> **REQUIRED ACTION**: Where the line with "step p (u ++" appears below, start writing out lines exactly, and finish with the line with "Definition inSW' p", which is included; write out nothing else.

+-------+

(* Let $S$ be a right non-degenerate semigroup of skew type with generating set $X$, $|X|=n$. Let $2\le i\le n+1$, let $Y\subseteq X$ with $|Y|=i-1$, let $Z\subseteq Y$ and $b\in D_Z$, and let $k$ be the length of $b$ in the generators $X$. Then $(S_{i-1})^k\cap D_Y\subseteq bS$. Furthermore, $(S_{i-1})^{k+1}\cap D_Y\subseteq bS_{i-1}$ and $(S_{i-1}\cap S_{i-1}')^{k+1}\cap D_Y\subseteq b(S_{i-1}\cap S_{i-1}')$.
   Context: A semigroup of skew type is a monoid $S$ with a monoid presentation $S=\langle x_1,\ldots,x_n \mid x_ix_j=x_kx_l\rangle$ consisting of $\binom{n}{2}$ relations, each of the form $x_ix_j=x_kx_l$ with $i\neq j$, $k\neq l$, such that every word $x_px_q$ with $p\neq q$ appears (as one side) in exactly one of the relations; $X=\{x_1,\ldots,x_n\}$. For $a,b\in X$, the partner of $ab$ is the other side of the unique defining relation containing $ab$ if $a\neq b$, and $ab$ itself if $a=b$. $S$ is right non-degenerate if for every $x\in X$ the map $X\to X$ sending $y$ to the first letter of the partner of $xy$ is surjective. For $W\subseteq X$: $S_W=\bigcap_{w\in W}wS$, $S'_W=\bigcap_{w\in W}Sw$, and $D_W=\{s\in S_W\mid \text{if } s=xt \text{ with } x\in X,\ t\in S, \text{ then } x\in W\}$. For $1\le j\le n$: $S_j=\bigcup_{W\subseteq X,|W|=j}S_W$ and $S'_j=\bigcup_{W\subseteq X,|W|=j}S'_W$. For subsets $A\subseteq S$, $A^k$ denotes the set of products of $k$ elements of $A$. *)

(* The skew-type monoid S is encoded as the free monoid
   seq 'I_n (words in the generators x_0..x_{n-1}) modulo the congruence
   generated by the defining relations x_a x_b = partner(x_a x_b). *)
From Stdlib Require Import Relations.
From mathcomp Require Import all_boot.
Set Implicit Arguments. Unset Strict Implicit. Unset Printing Implicit Defensive.

Section Skew.
Variable n : nat.
Notation X := 'I_n.
Notation word := (seq X).

(* partner p a b = the other side of the unique relation containing x_a x_b
   (for a <> b), and (a,a) when a = b. *)
Definition skew_type (p : X -> X -> X * X) : Prop :=
  (forall a : X, p a a = (a, a)) /\
  (forall a b : X, a != b ->
     [/\ (p a b).1 != (p a b).2, p a b != (a, b) & p (p a b).1 (p a b).2 = (a, b)]).

Definition right_nondegenerate (p : X -> X -> X * X) : Prop :=
  forall x : X, forall z : X, exists y : X, (p x y).1 = z.

Inductive step (p : X -> X -> X * X) : word -> word -> Prop :=
| Step (u v : word) (a b : X) :
    step p (u ++ [:: a; b] ++ v) (u ++ [:: (p a b).1; (p a b).2] ++ v).

Definition eqS (p : X -> X -> X * X) : word -> word -> Prop :=
  clos_refl_sym_trans word (step p).

Definition inSW p (W : {set X}) (s : word) : Prop :=
  forall w, w \in W -> exists t, eqS p s (w :: t).
Definition inSW' p (W : {set X}) (s : word) : Prop :=
  forall w, w \in W -> exists t, eqS p s (rcons t w).
Definition inD p (W : {set X}) (s : word) : Prop :=
  inSW p W s /\ (forall (x : X) (t : word), eqS p s (x :: t) -> x \in W).
Definition inSj p (j : nat) (s : word) : Prop :=
  exists W : {set X}, #|W| = j /\ inSW p W s.
Definition inSj' p (j : nat) (s : word) : Prop :=
  exists W : {set X}, #|W| = j /\ inSW' p W s.
Definition inPow p (A : word -> Prop) (k : nat) (s : word) : Prop :=
  exists ws : seq word, size ws = k /\ (forall w, w \in ws -> A w) /\ eqS p s (flatten ws).
Definition inLmul p (b : word) (A : word -> Prop) (s : word) : Prop :=
  exists t, A t /\ eqS p s (b ++ t).
End Skew.

(* Write [sigma x a] for the first letter of the partner of [x a].  Right
   non-degeneracy makes each [sigma x] a bijection of [X], so left
   multiplication by [x] maps [S_W] into [S_(sigma x W)] and preserves [S_j].
   Suppose every word equal to [s], and every word equal to [b], starts with a
   letter of [Y], and [s] is a product of [|b|] elements of [S_j] with
   [j = |Y|].  The first factor lies in some [S_W] with [W] inside [Y] and
   [|W| = j], so [W = Y] and this factor can be rewritten to start with the
   first letter [x] of [b].  Absorbing the rest of it into the next factor and
   removing [x] leaves the same situation for the tail of [b] and the preimage
   of [Y] under [sigma x]; hence [s] lies in [bS].  An extra factor from [S_j]
   (or from [S_j] meet [S'_j]) survives as the cofactor. *)
From Stdlib Require Import Relations.
From mathcomp Require Import all_boot.
Set Implicit Arguments. Unset Strict Implicit. Unset Printing Implicit Defensive.

Lemma surjective_injective (T : finType) (f : T -> T) :
  (forall y, exists x, f x = y) -> injective f.
Proof.
move=> f_onto x1 x2; have /image_injP f_inj : #|image f T| == #|T|.
  rewrite eqn_leq max_card; apply/subset_leq_card/subsetP => y _.
  by have [x <-] := f_onto y; apply: image_f.
exact: f_inj.
Qed.

Section SkewMonoid.
Variables (n : nat) (p : 'I_n -> 'I_n -> 'I_n * 'I_n).
Local Notation word := (seq 'I_n).
Local Notation eqS := (eqS p).

Definition heads_in (Y : {set 'I_n}) (s : word) : Prop :=
  forall x t, eqS s (x :: t) -> x \in Y.

Definition sigma (y a : 'I_n) : 'I_n := (p y a).1.

Lemma eqS_refl s : eqS s s. Proof. exact: rst_refl. Qed.
Lemma eqS_trans s t u : eqS s t -> eqS t u -> eqS s u. Proof. exact: rst_trans. Qed.

Lemma eqS_catl w s t : eqS s t -> eqS (w ++ s) (w ++ t).
Proof.
elim=> [_ _ [u v a b] | x | x y _ | x y z _ ih1 _ ih2].
- by apply: rst_step; have := Step p (w ++ u) v a b; rewrite -!catA.
- exact: rst_refl.
- exact: rst_sym.
- exact: rst_trans ih1 ih2.
Qed.

Lemma eqS_catr w s t : eqS s t -> eqS (s ++ w) (t ++ w).
Proof.
elim=> [_ _ [u v a b] | x | x y _ | x y z _ ih1 _ ih2].
- by apply: rst_step; rewrite -!catA; apply: Step.
- exact: rst_refl.
- exact: rst_sym.
- exact: rst_trans ih1 ih2.
Qed.

Lemma eqS_cons2 y a t : eqS [:: y, a & t] [:: sigma y a, (p y a).2 & t].
Proof. exact/rst_step/(Step p [::] t y a). Qed.

Lemma heads_in_eqS Y s s' : eqS s s' -> heads_in Y s -> heads_in Y s'.
Proof. by move=> ss' Ys x t /(eqS_trans ss'); apply: Ys. Qed.

Lemma heads_in_catr Y s w : heads_in Y (s ++ w) -> heads_in Y s.
Proof. by move=> Ysw x t /(eqS_catr w); apply: Ysw. Qed.

Lemma heads_in_cons Y x s : heads_in Y (x :: s) -> heads_in (sigma x @^-1: Y) s.
Proof.
move=> Yxs y t /(eqS_catl [:: x]) /eqS_trans /(_ (eqS_cons2 _ _ _)).
by rewrite inE; apply: Yxs.
Qed.

Lemma heads_in_inSW Y W s : heads_in Y s -> inSW p W s -> W \subset Y.
Proof. by move=> Ys Ws; apply/subsetP => w /Ws [t]; apply: Ys. Qed.

Lemma inSW'_catl W v w : inSW' p W w -> inSW' p W (v ++ w).
Proof.
by move=> Ww x /Ww [t wt]; exists (v ++ t); rewrite rcons_cat; apply: eqS_catl.
Qed.

Lemma inSj'_catl j v w : inSj' p j w -> inSj' p j (v ++ w).
Proof. by case=> W [cardW Ww]; exists W; split; last apply: inSW'_catl. Qed.

Lemma inPow_rcons (A : word -> Prop) k s : inPow p A k.+1 s ->
  exists v w, [/\ inPow p A k v, A w & eqS s (v ++ w)].
Proof.
case=> ws [+ [Aws sws]]; case/lastP: ws Aws sws => // ws w Aws sws.
rewrite size_rcons => -[sz]; exists (flatten ws), w; split.
- exists ws; split=> //; split=> [u u_ws|]; last exact: eqS_refl.
  by apply: Aws; rewrite mem_rcons inE u_ws orbT.
- by apply: Aws; rewrite mem_rcons mem_head.
- by rewrite -cats1 flatten_cat /= cats0 in sws.
Qed.

Hypothesis Hnd : right_nondegenerate p.

Lemma sigma_inj y : injective (sigma y).
Proof. exact/surjective_injective/Hnd. Qed.

Lemma inSW_cons y W w : inSW p W w -> inSW p (sigma y @: W) (y :: w).
Proof.
move=> Ww _ /imsetP [a /Ww [t wt] ->]; exists ((p y a).2 :: t).
exact: eqS_trans (eqS_catl [:: y] wt) (eqS_cons2 _ _ _).
Qed.

Lemma inSj_catl j v w : inSj p j w -> inSj p j (v ++ w).
Proof.
elim: v => [//|y v IHv] /IHv [W [cardW Wvw]].
exists (sigma y @: W); split; last exact: inSW_cons.
by rewrite card_imset //; apply: sigma_inj.
Qed.

Lemma flatten_inSj_prefix j (b : word) (Y : {set 'I_n}) (ws : seq word) :
  #|Y| = j -> heads_in Y b -> size ws = size b ->
  (forall w, w \in ws -> inSj p j w) -> heads_in Y (flatten ws) ->
  exists t, eqS (flatten ws) (b ++ t).
Proof.
elim: b Y ws => [|x b IHb] Y [|w1 ws] //= cardY Yb.
  by exists [::]; apply: eqS_refl.
move=> [sz] Sws Yws.
have [W [cardW Ww1]] := Sws w1 (mem_head _ _).
have WY : W = Y.
  apply/eqP; rewrite eqEcard cardY cardW leqnn andbT.
  exact: heads_in_inSW (heads_in_catr Yws) Ww1.
have [u w1u] : exists u, eqS w1 (x :: u).
  by apply: Ww1; rewrite WY; apply: Yb; apply: eqS_refl.
have ws_xu : eqS (w1 ++ flatten ws) (x :: u ++ flatten ws).
  exact: eqS_catr w1u.
case: ws => [|w2 ws] in sz Sws Yws ws_xu *.
  by case: b sz {IHb Yb} => // _; exists u; rewrite /= cats0.
have [t ut] : exists t, eqS (flatten ((u ++ w2) :: ws)) (b ++ t).
  apply: (IHb (sigma x @^-1: Y)) => //.
  - by rewrite card_preimset //; apply: sigma_inj.
  - exact/heads_in_cons.
  - move=> w; rewrite inE => /predU1P [-> | w_ws].
      by apply/inSj_catl/Sws; rewrite !inE eqxx orbT.
    by apply: Sws; rewrite !inE w_ws !orbT.
  - by apply/heads_in_cons; rewrite /= -catA; apply: heads_in_eqS ws_xu Yws.
by exists t; apply: eqS_trans ws_xu _; move: ut => /(eqS_catl [:: x]); rewrite /= catA.
Qed.

Lemma inPow_inSj_prefix j (b : word) (Y : {set 'I_n}) (s : word) :
  #|Y| = j -> heads_in Y b -> inPow p (inSj p j) (size b) s -> heads_in Y s ->
  exists t, eqS s (b ++ t).
Proof.
move=> cardY Yb [ws [sz [Sws sws]]] Ys.
have [t wst] := flatten_inSj_prefix cardY Yb sz Sws (heads_in_eqS sws Ys).
by exists t; apply: eqS_trans wst.
Qed.

Lemma inPow_inSj_lmul j (b : word) (Y : {set 'I_n}) (A : word -> Prop) (s : word) :
  #|Y| = j -> heads_in Y b -> (forall v w, A w -> A (v ++ w)) ->
  (forall w, A w -> inSj p j w) ->
  inPow p A (size b).+1 s -> heads_in Y s -> inLmul p b A s.
Proof.
move=> cardY Yb A_catl A_Sj /inPow_rcons [v [w [[ws [sz [Aws vws]]] Aw svw]]] Ys.
have [t vt] : exists t, eqS v (b ++ t).
  apply: (inPow_inSj_prefix cardY Yb).
  - by exists ws; split=> //; split=> // u /Aws /A_Sj.
  - by apply: (heads_in_catr (w := w)); apply: heads_in_eqS svw Ys.
exists (t ++ w); split; first exact: A_catl.
by rewrite catA; apply: eqS_trans svw (eqS_catr w vt).
Qed.

End SkewMonoid.

Theorem lemma4p3 (n : nat) (p : 'I_n -> 'I_n -> 'I_n * 'I_n)
  (Hskew : skew_type p) (Hnd : right_nondegenerate p)
  (i : nat) (Hi : 2 <= i <= n.+1)
  (Y Z : {set 'I_n}) (HY : #|Y| = i.-1) (HZY : Z \subset Y)
  (b : seq 'I_n) (Hb : inD p Z b) :
  let k := size b in
  (forall s, inPow p (inSj p i.-1) k s -> inD p Y s ->
     inLmul p b (fun _ => True) s) /\
  (forall s, inPow p (inSj p i.-1) k.+1 s -> inD p Y s ->
     inLmul p b (inSj p i.-1) s) /\
  (forall s, inPow p (fun u => inSj p i.-1 u /\ inSj' p i.-1 u) k.+1 s -> inD p Y s ->
     inLmul p b (fun u => inSj p i.-1 u /\ inSj' p i.-1 u) s).
Proof.
move=> k; have Yb : heads_in p Y b by move=> x t /Hb.2 /(subsetP HZY).
split; [|split] => s Ss [_ Ys].
- by have [t bt] := inPow_inSj_prefix Hnd HY Yb Ss Ys; exists t.
- apply: (inPow_inSj_lmul Hnd HY Yb _ _ Ss Ys) => // v w.
  exact: inSj_catl.
- apply: (inPow_inSj_lmul Hnd HY Yb _ _ Ss Ys) => [v w [Sw S'w]|w []//].
  by split; [apply: inSj_catl | apply: inSj'_catl].
Qed.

+-------+

> **SOLUTION TO THE EXERCISE**:
    step p (u ++ [:: a; b] ++ v) (u ++ [:: (p a b).1; (p a b).2] ++ v).

Definition eqS (p : X -> X -> X * X) : word -> word -> Prop :=
  clos_refl_sym_trans word (step p).

Definition inSW p (W : {set X}) (s : word) : Prop :=
  forall w, w \in W -> exists t, eqS p s (w :: t).
Definition inSW' p (W : {set X}) (s : word) : Prop :=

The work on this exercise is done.